■ Task description
Using the data beneath this instruction, retype only the lines from the one that contains "apply/setP => v;" down to the one that contains "Lemma imset_closed_of_preim_closed (Bs", both included, exactly as they appear.

■ Stored data entries
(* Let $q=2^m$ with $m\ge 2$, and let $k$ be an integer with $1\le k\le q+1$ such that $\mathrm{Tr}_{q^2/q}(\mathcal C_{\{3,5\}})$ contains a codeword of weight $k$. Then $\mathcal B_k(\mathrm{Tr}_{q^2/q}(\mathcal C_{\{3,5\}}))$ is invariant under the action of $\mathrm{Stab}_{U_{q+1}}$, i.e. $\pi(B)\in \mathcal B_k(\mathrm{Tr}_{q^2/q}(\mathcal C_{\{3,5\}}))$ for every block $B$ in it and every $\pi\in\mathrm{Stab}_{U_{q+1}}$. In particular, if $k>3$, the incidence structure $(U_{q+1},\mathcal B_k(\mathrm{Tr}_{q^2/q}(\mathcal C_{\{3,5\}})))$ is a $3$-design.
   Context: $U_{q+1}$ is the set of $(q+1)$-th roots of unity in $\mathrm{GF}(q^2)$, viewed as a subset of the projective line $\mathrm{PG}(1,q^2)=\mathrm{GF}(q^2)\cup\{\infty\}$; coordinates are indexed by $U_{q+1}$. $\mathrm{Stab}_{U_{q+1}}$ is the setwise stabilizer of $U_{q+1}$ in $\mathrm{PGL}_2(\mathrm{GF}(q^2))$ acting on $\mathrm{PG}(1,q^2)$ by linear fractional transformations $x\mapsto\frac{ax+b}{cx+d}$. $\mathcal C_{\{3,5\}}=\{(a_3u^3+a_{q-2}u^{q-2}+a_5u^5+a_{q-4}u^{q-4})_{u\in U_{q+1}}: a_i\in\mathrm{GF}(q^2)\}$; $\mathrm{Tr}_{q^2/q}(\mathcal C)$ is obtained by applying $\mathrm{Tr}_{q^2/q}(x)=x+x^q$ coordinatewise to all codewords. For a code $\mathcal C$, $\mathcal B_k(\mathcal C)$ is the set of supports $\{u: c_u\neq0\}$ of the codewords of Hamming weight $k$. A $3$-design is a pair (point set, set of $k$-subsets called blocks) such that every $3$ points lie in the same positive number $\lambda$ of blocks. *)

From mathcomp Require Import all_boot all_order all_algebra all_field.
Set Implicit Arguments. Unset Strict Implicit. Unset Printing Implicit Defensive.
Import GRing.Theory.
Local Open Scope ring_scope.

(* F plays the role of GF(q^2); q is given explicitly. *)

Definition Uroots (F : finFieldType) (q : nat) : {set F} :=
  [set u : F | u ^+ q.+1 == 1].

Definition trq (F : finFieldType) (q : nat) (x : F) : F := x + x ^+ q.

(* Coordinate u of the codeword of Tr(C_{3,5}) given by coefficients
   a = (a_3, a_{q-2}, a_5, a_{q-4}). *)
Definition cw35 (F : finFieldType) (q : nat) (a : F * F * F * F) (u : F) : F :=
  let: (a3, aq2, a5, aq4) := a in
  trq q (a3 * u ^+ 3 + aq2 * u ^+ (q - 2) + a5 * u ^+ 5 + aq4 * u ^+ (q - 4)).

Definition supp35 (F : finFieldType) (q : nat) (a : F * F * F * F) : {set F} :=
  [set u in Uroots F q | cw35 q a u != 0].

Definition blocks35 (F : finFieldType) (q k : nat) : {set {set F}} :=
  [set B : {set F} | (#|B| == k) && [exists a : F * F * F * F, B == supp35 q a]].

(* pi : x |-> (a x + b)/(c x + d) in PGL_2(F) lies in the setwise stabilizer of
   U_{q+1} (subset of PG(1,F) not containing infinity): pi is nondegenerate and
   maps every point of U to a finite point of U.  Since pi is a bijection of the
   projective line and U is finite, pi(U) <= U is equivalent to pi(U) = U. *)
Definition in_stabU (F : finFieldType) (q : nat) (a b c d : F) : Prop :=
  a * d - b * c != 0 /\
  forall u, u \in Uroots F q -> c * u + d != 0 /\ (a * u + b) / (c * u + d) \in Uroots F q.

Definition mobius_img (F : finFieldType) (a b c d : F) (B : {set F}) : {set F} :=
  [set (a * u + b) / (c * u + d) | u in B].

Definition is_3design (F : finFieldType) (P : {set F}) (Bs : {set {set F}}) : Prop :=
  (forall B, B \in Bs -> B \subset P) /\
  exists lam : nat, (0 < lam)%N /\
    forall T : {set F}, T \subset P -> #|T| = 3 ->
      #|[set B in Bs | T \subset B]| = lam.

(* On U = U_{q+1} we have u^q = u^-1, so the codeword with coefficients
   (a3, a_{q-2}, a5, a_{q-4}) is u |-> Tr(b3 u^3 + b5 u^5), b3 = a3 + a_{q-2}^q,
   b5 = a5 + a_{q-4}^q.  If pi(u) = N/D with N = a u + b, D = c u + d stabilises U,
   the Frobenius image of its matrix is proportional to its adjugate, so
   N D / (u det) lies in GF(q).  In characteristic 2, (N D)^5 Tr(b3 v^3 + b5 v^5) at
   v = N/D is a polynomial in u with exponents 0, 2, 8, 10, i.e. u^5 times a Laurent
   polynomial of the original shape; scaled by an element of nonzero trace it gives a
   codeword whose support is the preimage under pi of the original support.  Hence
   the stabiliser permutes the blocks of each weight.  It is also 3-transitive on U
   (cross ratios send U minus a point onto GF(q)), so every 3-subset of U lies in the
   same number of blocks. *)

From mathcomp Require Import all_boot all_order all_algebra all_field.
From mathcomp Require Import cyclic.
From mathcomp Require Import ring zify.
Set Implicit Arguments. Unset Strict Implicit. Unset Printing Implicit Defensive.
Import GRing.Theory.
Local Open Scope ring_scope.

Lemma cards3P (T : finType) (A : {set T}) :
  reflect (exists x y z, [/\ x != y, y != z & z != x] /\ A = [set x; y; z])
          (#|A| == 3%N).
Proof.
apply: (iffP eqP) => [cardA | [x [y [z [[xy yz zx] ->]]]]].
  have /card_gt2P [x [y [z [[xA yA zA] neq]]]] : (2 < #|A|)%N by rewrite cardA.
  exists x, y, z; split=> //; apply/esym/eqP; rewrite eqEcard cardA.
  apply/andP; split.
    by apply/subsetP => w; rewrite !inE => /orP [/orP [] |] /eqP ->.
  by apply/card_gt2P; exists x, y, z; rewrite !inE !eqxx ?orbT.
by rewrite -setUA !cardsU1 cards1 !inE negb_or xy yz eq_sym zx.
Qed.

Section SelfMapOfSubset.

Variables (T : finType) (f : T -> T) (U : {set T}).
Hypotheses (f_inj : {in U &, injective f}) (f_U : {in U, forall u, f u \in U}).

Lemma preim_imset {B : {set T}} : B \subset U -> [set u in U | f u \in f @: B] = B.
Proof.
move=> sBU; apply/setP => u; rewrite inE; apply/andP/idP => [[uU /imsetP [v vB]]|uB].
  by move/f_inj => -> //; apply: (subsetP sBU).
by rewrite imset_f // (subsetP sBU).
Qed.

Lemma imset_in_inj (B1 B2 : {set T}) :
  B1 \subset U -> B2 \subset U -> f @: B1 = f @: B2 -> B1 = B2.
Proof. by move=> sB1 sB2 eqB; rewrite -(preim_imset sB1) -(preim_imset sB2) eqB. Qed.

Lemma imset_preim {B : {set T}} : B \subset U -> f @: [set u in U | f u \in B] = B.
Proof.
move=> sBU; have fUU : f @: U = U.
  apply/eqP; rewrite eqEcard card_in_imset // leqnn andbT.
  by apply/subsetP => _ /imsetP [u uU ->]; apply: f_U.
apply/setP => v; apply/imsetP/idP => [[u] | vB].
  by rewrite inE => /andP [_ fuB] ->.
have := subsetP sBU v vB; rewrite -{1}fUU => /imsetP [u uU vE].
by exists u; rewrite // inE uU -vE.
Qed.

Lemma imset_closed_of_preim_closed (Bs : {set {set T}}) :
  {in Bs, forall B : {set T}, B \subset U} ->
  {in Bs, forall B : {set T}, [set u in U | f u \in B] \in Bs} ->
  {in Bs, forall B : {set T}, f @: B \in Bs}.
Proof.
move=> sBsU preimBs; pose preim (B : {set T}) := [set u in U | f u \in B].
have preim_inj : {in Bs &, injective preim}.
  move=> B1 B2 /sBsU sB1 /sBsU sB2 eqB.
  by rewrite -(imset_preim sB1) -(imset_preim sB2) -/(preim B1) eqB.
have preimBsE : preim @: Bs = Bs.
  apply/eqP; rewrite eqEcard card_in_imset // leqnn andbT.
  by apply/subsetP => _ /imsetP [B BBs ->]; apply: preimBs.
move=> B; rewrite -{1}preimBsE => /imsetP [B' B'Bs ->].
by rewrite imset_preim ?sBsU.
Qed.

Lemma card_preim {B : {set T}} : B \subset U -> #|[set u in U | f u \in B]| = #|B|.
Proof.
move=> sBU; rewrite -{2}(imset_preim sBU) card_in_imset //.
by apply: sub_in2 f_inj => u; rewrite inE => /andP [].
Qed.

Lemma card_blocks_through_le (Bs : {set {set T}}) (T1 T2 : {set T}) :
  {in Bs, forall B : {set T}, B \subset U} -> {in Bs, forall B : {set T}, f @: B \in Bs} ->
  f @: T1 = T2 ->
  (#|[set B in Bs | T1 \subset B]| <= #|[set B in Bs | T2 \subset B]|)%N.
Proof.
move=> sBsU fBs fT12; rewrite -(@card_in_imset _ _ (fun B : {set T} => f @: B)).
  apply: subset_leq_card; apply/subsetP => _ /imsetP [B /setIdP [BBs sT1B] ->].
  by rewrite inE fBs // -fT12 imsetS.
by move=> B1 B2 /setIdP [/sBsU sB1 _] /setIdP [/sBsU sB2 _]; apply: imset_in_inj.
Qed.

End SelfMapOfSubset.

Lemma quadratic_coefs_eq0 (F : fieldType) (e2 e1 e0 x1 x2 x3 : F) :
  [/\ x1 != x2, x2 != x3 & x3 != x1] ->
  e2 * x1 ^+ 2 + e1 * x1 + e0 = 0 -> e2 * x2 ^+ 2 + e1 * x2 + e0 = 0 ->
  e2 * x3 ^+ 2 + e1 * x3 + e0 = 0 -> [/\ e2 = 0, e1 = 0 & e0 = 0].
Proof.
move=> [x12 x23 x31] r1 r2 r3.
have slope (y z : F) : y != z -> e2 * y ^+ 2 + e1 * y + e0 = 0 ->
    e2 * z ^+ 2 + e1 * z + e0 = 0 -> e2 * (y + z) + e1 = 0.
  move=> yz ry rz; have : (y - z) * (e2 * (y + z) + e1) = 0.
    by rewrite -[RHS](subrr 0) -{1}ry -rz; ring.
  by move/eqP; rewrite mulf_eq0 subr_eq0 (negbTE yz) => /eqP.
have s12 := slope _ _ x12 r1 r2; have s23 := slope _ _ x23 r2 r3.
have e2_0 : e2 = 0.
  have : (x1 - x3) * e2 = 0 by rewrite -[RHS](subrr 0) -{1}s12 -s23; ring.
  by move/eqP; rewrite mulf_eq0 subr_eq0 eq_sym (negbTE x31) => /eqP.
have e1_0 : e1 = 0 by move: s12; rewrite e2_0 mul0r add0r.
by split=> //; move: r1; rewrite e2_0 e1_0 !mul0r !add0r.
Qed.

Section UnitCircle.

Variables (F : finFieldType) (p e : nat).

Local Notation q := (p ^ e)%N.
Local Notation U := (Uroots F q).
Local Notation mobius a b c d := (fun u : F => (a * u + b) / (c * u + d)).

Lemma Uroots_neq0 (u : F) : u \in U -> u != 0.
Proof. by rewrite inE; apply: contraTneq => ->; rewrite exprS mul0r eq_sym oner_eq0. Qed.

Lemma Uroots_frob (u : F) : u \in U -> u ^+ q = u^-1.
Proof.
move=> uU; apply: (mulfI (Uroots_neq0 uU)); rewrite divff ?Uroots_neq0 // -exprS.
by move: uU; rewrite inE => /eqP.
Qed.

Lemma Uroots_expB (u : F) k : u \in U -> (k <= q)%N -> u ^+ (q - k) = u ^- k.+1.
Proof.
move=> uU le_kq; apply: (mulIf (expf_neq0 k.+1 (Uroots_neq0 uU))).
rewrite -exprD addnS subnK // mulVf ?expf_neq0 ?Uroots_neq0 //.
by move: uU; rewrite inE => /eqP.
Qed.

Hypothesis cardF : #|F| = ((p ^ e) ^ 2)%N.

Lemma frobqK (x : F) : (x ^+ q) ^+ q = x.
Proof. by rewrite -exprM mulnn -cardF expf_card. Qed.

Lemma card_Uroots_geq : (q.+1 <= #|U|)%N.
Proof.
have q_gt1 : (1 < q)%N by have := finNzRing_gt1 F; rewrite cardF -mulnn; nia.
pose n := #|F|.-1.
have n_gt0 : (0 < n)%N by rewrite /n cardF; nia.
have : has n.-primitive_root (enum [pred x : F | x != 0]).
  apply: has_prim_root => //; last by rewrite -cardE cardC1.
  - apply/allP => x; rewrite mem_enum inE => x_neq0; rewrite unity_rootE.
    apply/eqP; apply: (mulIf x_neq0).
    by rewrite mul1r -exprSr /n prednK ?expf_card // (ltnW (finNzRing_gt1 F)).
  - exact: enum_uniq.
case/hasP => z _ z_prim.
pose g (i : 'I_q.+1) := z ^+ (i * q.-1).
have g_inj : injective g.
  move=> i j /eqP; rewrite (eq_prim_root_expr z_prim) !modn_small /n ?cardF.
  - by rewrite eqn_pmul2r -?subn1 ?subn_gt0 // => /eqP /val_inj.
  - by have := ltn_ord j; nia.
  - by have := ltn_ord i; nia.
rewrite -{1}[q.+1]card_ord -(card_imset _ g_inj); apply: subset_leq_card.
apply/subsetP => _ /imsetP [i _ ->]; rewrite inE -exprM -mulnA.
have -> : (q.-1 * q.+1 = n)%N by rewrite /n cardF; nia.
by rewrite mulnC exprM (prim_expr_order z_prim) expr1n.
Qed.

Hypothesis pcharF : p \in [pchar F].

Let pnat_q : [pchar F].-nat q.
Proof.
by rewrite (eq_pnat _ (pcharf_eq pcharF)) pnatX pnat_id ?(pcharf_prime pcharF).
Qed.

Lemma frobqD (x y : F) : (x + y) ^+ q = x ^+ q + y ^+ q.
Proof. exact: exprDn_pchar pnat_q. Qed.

==

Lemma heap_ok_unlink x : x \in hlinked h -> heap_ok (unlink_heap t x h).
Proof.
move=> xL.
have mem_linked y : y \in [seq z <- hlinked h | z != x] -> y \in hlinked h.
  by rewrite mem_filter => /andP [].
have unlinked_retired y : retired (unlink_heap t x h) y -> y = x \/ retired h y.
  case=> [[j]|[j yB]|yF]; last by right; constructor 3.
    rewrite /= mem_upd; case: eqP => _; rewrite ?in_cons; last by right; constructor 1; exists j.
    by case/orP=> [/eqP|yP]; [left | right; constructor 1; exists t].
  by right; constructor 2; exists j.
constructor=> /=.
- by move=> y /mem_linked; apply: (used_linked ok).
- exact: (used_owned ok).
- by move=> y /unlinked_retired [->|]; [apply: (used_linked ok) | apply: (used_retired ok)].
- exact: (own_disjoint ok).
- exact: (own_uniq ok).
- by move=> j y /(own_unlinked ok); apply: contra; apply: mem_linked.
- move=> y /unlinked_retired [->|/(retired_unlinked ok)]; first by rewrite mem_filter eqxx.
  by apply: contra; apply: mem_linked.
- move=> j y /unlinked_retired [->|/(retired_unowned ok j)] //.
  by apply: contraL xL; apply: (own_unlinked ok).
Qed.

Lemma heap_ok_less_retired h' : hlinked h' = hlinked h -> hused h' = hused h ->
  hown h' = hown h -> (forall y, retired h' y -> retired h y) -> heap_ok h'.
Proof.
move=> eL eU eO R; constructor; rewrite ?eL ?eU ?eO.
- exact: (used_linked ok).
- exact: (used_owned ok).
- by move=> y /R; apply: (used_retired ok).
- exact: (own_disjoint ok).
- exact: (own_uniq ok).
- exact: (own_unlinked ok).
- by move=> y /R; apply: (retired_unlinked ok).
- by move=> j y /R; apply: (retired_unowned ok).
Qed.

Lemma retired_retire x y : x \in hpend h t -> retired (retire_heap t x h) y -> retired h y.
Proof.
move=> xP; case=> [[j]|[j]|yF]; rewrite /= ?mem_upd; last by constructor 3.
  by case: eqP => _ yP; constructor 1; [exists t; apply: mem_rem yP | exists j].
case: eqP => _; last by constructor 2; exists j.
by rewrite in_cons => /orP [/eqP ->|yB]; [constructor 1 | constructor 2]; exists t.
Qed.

--

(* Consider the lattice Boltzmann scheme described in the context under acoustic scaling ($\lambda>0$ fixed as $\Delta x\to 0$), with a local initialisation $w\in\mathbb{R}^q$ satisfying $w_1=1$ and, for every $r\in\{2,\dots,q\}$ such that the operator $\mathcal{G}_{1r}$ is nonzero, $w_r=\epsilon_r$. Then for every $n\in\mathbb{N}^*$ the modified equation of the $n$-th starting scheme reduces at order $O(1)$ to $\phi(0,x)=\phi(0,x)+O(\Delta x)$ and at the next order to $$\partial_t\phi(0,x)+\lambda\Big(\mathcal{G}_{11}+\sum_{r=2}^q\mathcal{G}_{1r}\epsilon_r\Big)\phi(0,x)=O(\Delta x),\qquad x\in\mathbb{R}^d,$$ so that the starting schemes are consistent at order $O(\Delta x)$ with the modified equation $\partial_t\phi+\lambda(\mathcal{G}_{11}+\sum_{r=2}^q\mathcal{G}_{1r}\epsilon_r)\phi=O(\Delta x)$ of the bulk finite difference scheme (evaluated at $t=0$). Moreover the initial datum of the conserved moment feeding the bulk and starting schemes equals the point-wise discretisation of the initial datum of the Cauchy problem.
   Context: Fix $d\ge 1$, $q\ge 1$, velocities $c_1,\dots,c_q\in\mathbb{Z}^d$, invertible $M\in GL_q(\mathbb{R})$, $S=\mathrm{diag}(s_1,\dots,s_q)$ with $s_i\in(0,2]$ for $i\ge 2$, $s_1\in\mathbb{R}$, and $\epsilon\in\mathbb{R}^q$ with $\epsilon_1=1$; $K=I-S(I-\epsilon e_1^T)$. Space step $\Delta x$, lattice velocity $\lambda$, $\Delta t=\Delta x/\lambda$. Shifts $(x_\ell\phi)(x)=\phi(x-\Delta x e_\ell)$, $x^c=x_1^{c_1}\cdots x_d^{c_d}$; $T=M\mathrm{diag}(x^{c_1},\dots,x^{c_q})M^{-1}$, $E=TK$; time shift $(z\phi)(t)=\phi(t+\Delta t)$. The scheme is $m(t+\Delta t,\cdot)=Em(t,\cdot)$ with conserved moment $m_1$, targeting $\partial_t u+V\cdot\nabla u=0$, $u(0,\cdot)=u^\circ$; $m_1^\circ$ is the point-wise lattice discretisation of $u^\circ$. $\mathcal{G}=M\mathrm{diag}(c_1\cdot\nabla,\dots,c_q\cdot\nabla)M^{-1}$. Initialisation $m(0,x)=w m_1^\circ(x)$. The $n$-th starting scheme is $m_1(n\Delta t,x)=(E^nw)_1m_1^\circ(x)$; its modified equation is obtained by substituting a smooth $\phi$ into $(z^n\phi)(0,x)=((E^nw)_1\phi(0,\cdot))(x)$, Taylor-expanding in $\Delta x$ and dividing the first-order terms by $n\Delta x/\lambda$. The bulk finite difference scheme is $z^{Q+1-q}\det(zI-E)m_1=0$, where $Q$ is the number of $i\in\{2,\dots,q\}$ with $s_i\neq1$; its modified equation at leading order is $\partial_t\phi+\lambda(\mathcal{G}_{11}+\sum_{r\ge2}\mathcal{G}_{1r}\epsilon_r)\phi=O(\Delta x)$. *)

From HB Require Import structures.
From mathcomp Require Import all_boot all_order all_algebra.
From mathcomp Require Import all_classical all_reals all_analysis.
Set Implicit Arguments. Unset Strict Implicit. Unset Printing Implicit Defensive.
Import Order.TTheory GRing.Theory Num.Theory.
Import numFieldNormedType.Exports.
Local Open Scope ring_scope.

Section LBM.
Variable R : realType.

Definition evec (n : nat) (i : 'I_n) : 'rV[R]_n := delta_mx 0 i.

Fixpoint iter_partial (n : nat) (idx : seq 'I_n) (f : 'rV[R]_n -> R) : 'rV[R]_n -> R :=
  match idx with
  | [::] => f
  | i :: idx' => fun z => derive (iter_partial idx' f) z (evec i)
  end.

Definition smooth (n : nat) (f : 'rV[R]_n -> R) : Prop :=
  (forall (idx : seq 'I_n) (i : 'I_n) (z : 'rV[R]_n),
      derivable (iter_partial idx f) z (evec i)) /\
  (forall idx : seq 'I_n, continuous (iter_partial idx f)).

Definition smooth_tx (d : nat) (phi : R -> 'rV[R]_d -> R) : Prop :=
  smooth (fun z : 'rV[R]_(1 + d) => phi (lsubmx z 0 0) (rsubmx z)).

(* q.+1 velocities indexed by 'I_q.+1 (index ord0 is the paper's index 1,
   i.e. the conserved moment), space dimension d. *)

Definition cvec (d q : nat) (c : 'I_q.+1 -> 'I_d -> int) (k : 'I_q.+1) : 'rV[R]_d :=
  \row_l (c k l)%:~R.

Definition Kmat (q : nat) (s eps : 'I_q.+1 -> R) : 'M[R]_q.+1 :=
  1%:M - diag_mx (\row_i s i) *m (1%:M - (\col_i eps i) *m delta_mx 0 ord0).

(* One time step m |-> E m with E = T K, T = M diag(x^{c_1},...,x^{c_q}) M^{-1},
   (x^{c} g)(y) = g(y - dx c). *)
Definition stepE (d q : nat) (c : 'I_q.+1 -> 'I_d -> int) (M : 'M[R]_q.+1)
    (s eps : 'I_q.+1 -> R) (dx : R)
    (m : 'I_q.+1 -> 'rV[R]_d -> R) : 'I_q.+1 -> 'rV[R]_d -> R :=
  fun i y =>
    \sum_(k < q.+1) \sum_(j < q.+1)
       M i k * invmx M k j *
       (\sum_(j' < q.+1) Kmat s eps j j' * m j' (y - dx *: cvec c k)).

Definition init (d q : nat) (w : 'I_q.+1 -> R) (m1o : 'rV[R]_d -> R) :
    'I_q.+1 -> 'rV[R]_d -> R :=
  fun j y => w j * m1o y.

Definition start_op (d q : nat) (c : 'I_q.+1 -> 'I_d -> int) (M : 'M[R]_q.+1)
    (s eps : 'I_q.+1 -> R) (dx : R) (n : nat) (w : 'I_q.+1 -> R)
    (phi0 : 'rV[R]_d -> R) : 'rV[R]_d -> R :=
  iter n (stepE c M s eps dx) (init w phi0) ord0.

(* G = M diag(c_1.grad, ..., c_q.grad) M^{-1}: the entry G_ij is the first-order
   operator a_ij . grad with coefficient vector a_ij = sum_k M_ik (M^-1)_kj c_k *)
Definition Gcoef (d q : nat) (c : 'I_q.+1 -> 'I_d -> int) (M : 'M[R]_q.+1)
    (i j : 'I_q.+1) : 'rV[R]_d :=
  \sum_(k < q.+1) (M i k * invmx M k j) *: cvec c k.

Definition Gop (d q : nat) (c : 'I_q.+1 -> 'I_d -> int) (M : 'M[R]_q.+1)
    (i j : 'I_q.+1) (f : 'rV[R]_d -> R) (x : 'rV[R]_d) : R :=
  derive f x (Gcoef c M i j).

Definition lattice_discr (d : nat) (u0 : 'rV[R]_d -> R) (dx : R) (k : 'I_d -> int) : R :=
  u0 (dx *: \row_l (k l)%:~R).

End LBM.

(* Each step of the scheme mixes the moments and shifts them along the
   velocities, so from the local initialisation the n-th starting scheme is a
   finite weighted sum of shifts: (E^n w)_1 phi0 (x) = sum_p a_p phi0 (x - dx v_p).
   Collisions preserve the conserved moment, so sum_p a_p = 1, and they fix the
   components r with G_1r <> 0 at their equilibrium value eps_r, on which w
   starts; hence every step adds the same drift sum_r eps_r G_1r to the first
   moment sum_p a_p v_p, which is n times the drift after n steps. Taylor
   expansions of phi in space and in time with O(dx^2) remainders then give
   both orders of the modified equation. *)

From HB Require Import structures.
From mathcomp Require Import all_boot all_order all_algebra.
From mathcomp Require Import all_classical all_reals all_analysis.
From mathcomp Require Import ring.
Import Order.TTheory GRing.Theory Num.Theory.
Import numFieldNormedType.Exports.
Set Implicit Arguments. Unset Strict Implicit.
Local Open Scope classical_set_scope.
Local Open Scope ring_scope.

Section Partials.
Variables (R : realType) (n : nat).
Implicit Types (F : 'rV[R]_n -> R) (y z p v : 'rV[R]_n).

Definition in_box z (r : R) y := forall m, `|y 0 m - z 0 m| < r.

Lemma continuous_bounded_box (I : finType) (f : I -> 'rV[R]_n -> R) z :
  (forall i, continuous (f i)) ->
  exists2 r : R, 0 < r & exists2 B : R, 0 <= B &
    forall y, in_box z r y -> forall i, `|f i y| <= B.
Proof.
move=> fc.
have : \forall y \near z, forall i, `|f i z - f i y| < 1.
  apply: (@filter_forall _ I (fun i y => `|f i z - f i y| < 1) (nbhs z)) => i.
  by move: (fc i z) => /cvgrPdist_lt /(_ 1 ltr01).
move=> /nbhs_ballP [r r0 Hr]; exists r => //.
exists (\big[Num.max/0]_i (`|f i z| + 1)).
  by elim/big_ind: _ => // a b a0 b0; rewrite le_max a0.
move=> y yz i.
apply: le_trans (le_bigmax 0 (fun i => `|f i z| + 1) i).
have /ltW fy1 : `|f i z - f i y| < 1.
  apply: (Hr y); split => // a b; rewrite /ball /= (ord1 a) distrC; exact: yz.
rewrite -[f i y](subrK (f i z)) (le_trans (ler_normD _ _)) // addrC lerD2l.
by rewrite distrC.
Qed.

■ Response to the task
apply/setP => v; apply/imsetP/idP => [[u] | vB].
  by rewrite inE => /andP [_ fuB] ->.
have := subsetP sBU v vB; rewrite -{1}fUU => /imsetP [u uU vE].
by exists u; rewrite // inE uU -vE.
Qed.

Lemma imset_closed_of_preim_closed (Bs : {set {set T}}) :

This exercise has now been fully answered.